Cloudflare Zero Trust for Project Galileo and the Athenian Project

2022-12-12

5 min read
This post is also available in Français, 日本語, Español and Deutsch.

The organizations served by Projects Galileo and Athenian face the same security challenges as some of the world’s largest companies, but lack the budget to protect themselves. Sophisticated phishing campaigns attempt to compromise user credentials. Bad actors find ways to disrupt connectivity to critical resources. However, the tools to defend against these threats have historically only been available to the largest enterprises.

We’re excited to help fix that. Starting today, we are making the Cloudflare One Zero Trust suite available to teams that qualify for Project Galileo or Athenian at no cost. Cloudflare One includes the same Zero Trust security and connectivity solutions used by over 10,000 customers today to connect their users and safeguard their data.

Same problem, different missions

Athenian Project candidates work to safeguard elections in the United States. Project Galileo applicants launched their causes to support journalists, encourage artistic expression, or protect persecuted groups. They each set out to fix difficult and painful problems. None of the applications to our programs wrote their mission statement to deal with phishing attacks or internal data loss.

However, security problems plague these teams. Instead of being able to focus on their unique mission, these groups spend money, time, and energy attempting to defend from attacks. The headaches range from expensive distractions to outright breaches. Even the mundane work to connect employees to important tools continues to be a headache. Every chore or incident takes away from the ability of these organizations to advance their cause.

We built Cloudflare One to solve the common security problems that can derail any team. Our mission is to help build a better Internet and, in doing so, we create tools that allow the groups served by the Athenian Project and Project Galileo spend as much of their day solving their own unique challenges.

The products we are making available today provide security against a broad, and growing, range of attacks that target how a team works together on the Internet. Project Galileo and Athenian candidates can choose to start in any place depending on their existing security challenges.
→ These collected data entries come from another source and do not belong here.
(* Let $r\in\{3,5\}$, let $q$ be an odd prime distinct from $r$, let $R=\mathrm{C}_q\times\mathrm{D}_{2r}$, and let $S\subseteq R$ with $S=S^{-1}$. If $\mathrm{Cay}(R,S)$ is a nontrivial generalised wreath product with respect to subgroups $K$ and $H$, and $K$ has prime order, then $\mathrm{Aut}(R)_S>1$.
   Context: $\mathrm{C}_q$ is the cyclic group of order $q$, $\mathrm{D}_{2r}$ the dihedral group of order $2r$. $\mathrm{Aut}(R)_S$ is the group of automorphisms of $R$ fixing $S$ setwise. $\mathrm{Cay}(R,S)$ (vertex set $R$, arcs $r\to sr$ for $s\in S$) is a nontrivial generalised wreath product with respect to $K$ and $H$ if $1<K\trianglelefteq H<R$ and $K(S\setminus H)=S\setminus H=(S\setminus H)K$. *)

From mathcomp Require Import all_boot all_fingroup all_algebra all_solvable.
Set Implicit Arguments. Unset Strict Implicit. Unset Printing Implicit Defensive.

Open Scope group_scope.

(* The group C_q x D_{2r}, as the external direct product of the additive
   group 'Z_q (cyclic of order q, for q >= 2) and MathComp's dihedral group
   'D_(2r) of order 2r (for r >= 2). *)
Definition CqD2r (q r : nat) : finGroupType := ('Z_q * 'D_(2 * r))%type.

Definition gen_wreath (gT : finGroupType) (R : {set gT}) (S : {set gT})
  (K H : {group gT}) : Prop :=
  [/\ K :!=: 1, K <| H, H \proper R,
      K * (S :\: H) = S :\: H & (S :\: H) * K = S :\: H].

Definition AutS (gT : finGroupType) (R S : {set gT}) : {set {perm gT}} :=
  [set a in Aut R | a @: S == S].

From mathcomp Require Import all_boot all_fingroup all_algebra all_solvable.
From mathcomp Require Import zify.
Set Implicit Arguments. Unset Strict Implicit. Unset Printing Implicit Defensive.
Open Scope group_scope.

(* For g in D_2r the map (z, d) |-> (z^-1, d^g) is an automorphism of C_q x D_2r,
   nontrivial as q is odd, so it suffices to find g for which it preserves S.
   It maps s to s^-1, which lies in S, whenever g inverts the D_2r-component of s,
   e.g. when that component is a rotation and g a reflection.  Being of prime order
   dividing 2qr, K is C_q x 1, 1 x C_r, or generated by some (1, u) with u a
   reflection.  For s in S \ H all k s k' with k, k' in K lie in S, which supplies
   the image of s (for K = 1 x C_r it is s^-1 (1, s_2 s_2^g)), while the proper
   subgroup H cannot contain elements of all three orders 2, q and r.  What is left
   is handled by taking for g a reflection that normalises the set of reflections
   occurring in S; it exists because for r = 3, 5 every subset of Z/rZ is symmetric
   about some point. *)

(* Reflections of D_2r are the x^i y, and x^j y conjugates x^i y to x^(2j - i) y
   (written 2j + r - i to avoid truncated subtraction).  [mirror_symmetric 7]
   fails, e.g. for {0, 1, 3}. *)
Definition mirror_symmetric (r : nat) : Prop :=
  forall b : pred nat, exists2 j, (j < r)%N &
    forall i, (i < r)%N -> b i -> b ((2 * j + r - i) %% r)%N.

Section Mirror.
Local Open Scope nat_scope.

Local Ltac mirror_center j :=
  exists j => //; case=> [|[|[|[|[|i]]]]] //=;
  repeat match goal with H : ?bk = _ |- context [?bk] => rewrite H end.

Lemma mirror_symmetric_3_5 r : r \in [:: 3; 5] -> mirror_symmetric r.
Proof.
rewrite !inE => /orP[] /eqP-> b.
  case B0: (b 0); case B1: (b 1); case B2: (b 2);
    by [mirror_center 0 | mirror_center 1 | mirror_center 2].
case B0: (b 0); case B1: (b 1); case B2: (b 2); case B3: (b 3); case B4: (b 4);
  by [mirror_center 0 | mirror_center 1 | mirror_center 2 | mirror_center 3 | mirror_center 4].
Qed.

End Mirror.

Lemma coprime_order_eq1 (gT : finGroupType) (t : gT) m n :
  coprime m n -> #[t] %| m -> #[t] %| n -> t = 1.
Proof.
move=> co tm tn; apply/eqP; rewrite -order_eq1 -dvdn1 -(eqnP co).
by rewrite dvdn_gcd tm.
Qed.

Lemma AutS_neq1 (gT : finGroupType) (S : {set gT}) (f : gT -> gT) (f_inj : injective f) :
  {morph f : a b / a * b} -> {in S, forall s, f s \in S} -> (exists a, f a != a) ->
  AutS [set: gT] S != 1.
Proof.
move=> fM fS [a fa]; pose p := perm f_inj.
have p_neq1 : p != 1.
  by apply: contraNneq fa => p1; rewrite -(permE f_inj) -/p p1 perm1.
have pS : p \in AutS [set: gT] S.
  rewrite !inE; apply/andP; split.
    apply/andP; split; first by apply/subsetP => b; rewrite inE.
    by apply/morphicP => b c _ _; rewrite !permE.
  rewrite eqEcard card_imset ?leqnn ?andbT; last exact: perm_inj.
  by apply/subsetP => _ /imsetP[s Ss ->]; rewrite /p permE fS.
by apply: contraTneq pS => ->; rewrite inE.
Qed.
Lemma meet_subC_eq0 (t p q : B) : p ≤ t -> q ≤ t -> (p ⊖ q) ⊓ (q ⊖ p) = o.
Proof.
(* [c] lies below [m := q ⊓ p] and [m ≤ m ⊖ c], which forces [c = 0]. *)
move=> pt qt; set c := (p ⊖ q) ⊓ (q ⊖ p).
have cp : c ≤ p := le_trans (le_subl _ _) (le_subl p q).
have cq : c ≤ q := le_trans (le_meetr _ _) (le_subl q p).
set m := q ⊓ p.
have cm : c ≤ m := le_meet cq cp.
have m_pc : m ≤ p ⊖ c by rewrite /m Hcomm; apply: le_sub2l; apply: le_subl.
have m_qc : m ≤ q ⊖ c by apply: le_sub2l; apply: le_meetr.
have m_mc : m ≤ m ⊖ c.
  by have := le_meet m_qc m_pc; rewrite (subB2r_bounded cp pt qt) subAC.
have mc : m ⊖ c = m := le_anti (le_subl m c) m_mc.
by rewrite -(meet_r cm) mc subxx.
Qed.

Lemma sub_id_le (t g e : B) : t ⊖ g = t -> e ≤ t -> e ⊖ g = e.
Proof.
move=> tg et; apply: le_anti (le_subl e g) _.
by have := le_sub2l g (le_sub2l g et); rewrite (Hcomm g t) tg subxx subx0 Hcomm.
Qed.

Lemma in_ideal_orth_eq0 (t g e : B) : t ⊖ g = t -> in_ideal t e -> in_ideal g e -> e = o.
Proof.
move=> tg [k ek] [l el]; elim: k e ek el => [|k IH] e ek el; first exact: ek.
rewrite iter_subSr in ek.
have et : e ⊖ t = o.
  by apply: IH ek _; have := le_iter_sub2r g l (le_subl e t); rewrite el subx0.
by rewrite (iter_sub_id _ (sub_id_le tg et)) in el.
Qed.

Section SubdirectlyIrreducible.
Hypothesis HSI : subdirectly_irreducible B.

Lemma monolith_elem : exists2 e, e <> o & forall u, u <> o -> in_ideal u e.
Proof.
(* The congruence of the ideal generated by [u <> 0] identifies the monolith pair [a, a']. *)
case: HSI => a [a' [aa' Ha]].
have Hu u : u <> o -> ideal_cong u a a'.
  move=> u0; apply: Ha; first exact: ideal_congP.
  exists u, o; split=> //; split; last by rewrite sub0x; apply: in_ideal0.
  by rewrite subx0; exists 1; apply: subxx.
have [aa'0 | aa'0] := classic (a ⊖ a' = o).
- exists (a' ⊖ a); last by move=> u /Hu [].
  by move=> a'a0; apply: aa'; apply: le_anti.
- by exists (a ⊖ a') => // u /Hu [].
Qed.

Lemma orth_eq0 (t g : B) : t ⊖ g = t -> t = o \/ g = o.
Proof.
move=> tg; case: monolith_elem => e e0 He.
have [t0 | t0] := classic (t = o); first by left.
have [g0 | g0] := classic (g = o); first by right.
by case: e0; apply: (in_ideal_orth_eq0 tg (He t t0) (He g g0)).
Qed.
(* Let $d\ge2$, $H\le\Sigma_d$, and $x\in A^\omega$. For the action of $V_d(H)$ on $A^\omega$, the germ group $G_x$ is isomorphic to $H_x$ if $x$ is not eventually periodic, and is isomorphic to a semidirect product $H_x\rtimes\mathbb Z$ if $x$ is eventually periodic.
   Context: $A=\{a_1,\dots,a_d\}$; $A^*$, $A^\omega$ are the finite and infinite words, $A^\omega$ with ultrametric $d(x,y)=e^{1-n}$, $n$ the first index where $x,y$ differ; balls are the sets $wA^\omega$, $w\in A^*$. $\Sigma_d$ acts letterwise on $A^\omega$. $V_d(H)$ is the group of homeomorphisms $g$ of $A^\omega$ such that every point lies in a ball $w_1A^\omega$ on which $g$ has the form $w_1y\mapsto w_2\sigma(y)$ for some $w_2\in A^*$, $\sigma\in H$. For a group $\Gamma$ acting on a space and a point $x$, $\Gamma_x$ is the stabilizer of $x$, $N_x\trianglelefteq\Gamma_x$ the subgroup of elements that are the identity on some open neighborhood of $x$, and the *germ group* is $G_x=\Gamma_x/N_x$. For $a\in A$, $H_a=\{\sigma\in H:\sigma(a)=a\}$; for $x=x_1x_2\dots$, the *eventual isotropy group* is $H_x=\bigcap\{H_a: a=x_i\text{ for infinitely many }i\}$. $x$ is *eventually periodic* if $x=u\bar v$ with $u,v\in A^*$, $v$ non-empty, $\bar v=vvv\cdots$. *)

From HB Require Import structures.
From mathcomp Require Import all_boot all_order all_algebra all_fingroup.
Set Implicit Arguments. Unset Strict Implicit. Unset Printing Implicit Defensive.

(* Alphabet A = 'I_d; infinite words A^omega = nat -> 'I_d (x_1 is [x 0]);
   finite words A^* = seq 'I_d. *)
Definition word (d : nat) := nat -> 'I_d.

Definition app d (w : seq 'I_d) (y : word d) : word d :=
  fun n => if n < size w then nth (y 0) w n else y (n - size w).

Definition actw d (s : {perm 'I_d}) (y : word d) : word d := fun n => s (y n).

(* x and y agree on the first n letters, i.e. d(x,y) <= e^{-n}, i.e. y lies
   in the ball (x_1..x_n) A^omega *)
Definition agree d (x y : word d) (n : nat) : Prop := forall i, i < n -> x i = y i.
If you need a guide on where to get started, we’ve broken down three common first steps that we recommend.

1) Stop phishing attacks

Many phishing attacks start with a malicious link buried in a single email from a sender that seems trustworthy. A user in your organization clicks on that link, believing it to be from a teammate or manager, and lands on a website that looks almost identical to your identity provider or one of the web applications they use every day. They input their username and password, sending their credentials directly to the attacker.

Cloudflare One’s email security, our Area 1 product, is our first line of phishing defense. Area 1 scans the emails headed to your organization for the presence of potential phishing campaigns and other types of security attacks. Malicious messages never arrive without interrupting the emails that your team should receive. You can deploy Area 1 in minutes with a few changes to your DNS records to safeguard your Microsoft 365, Gmail, or nearly any other email deployment.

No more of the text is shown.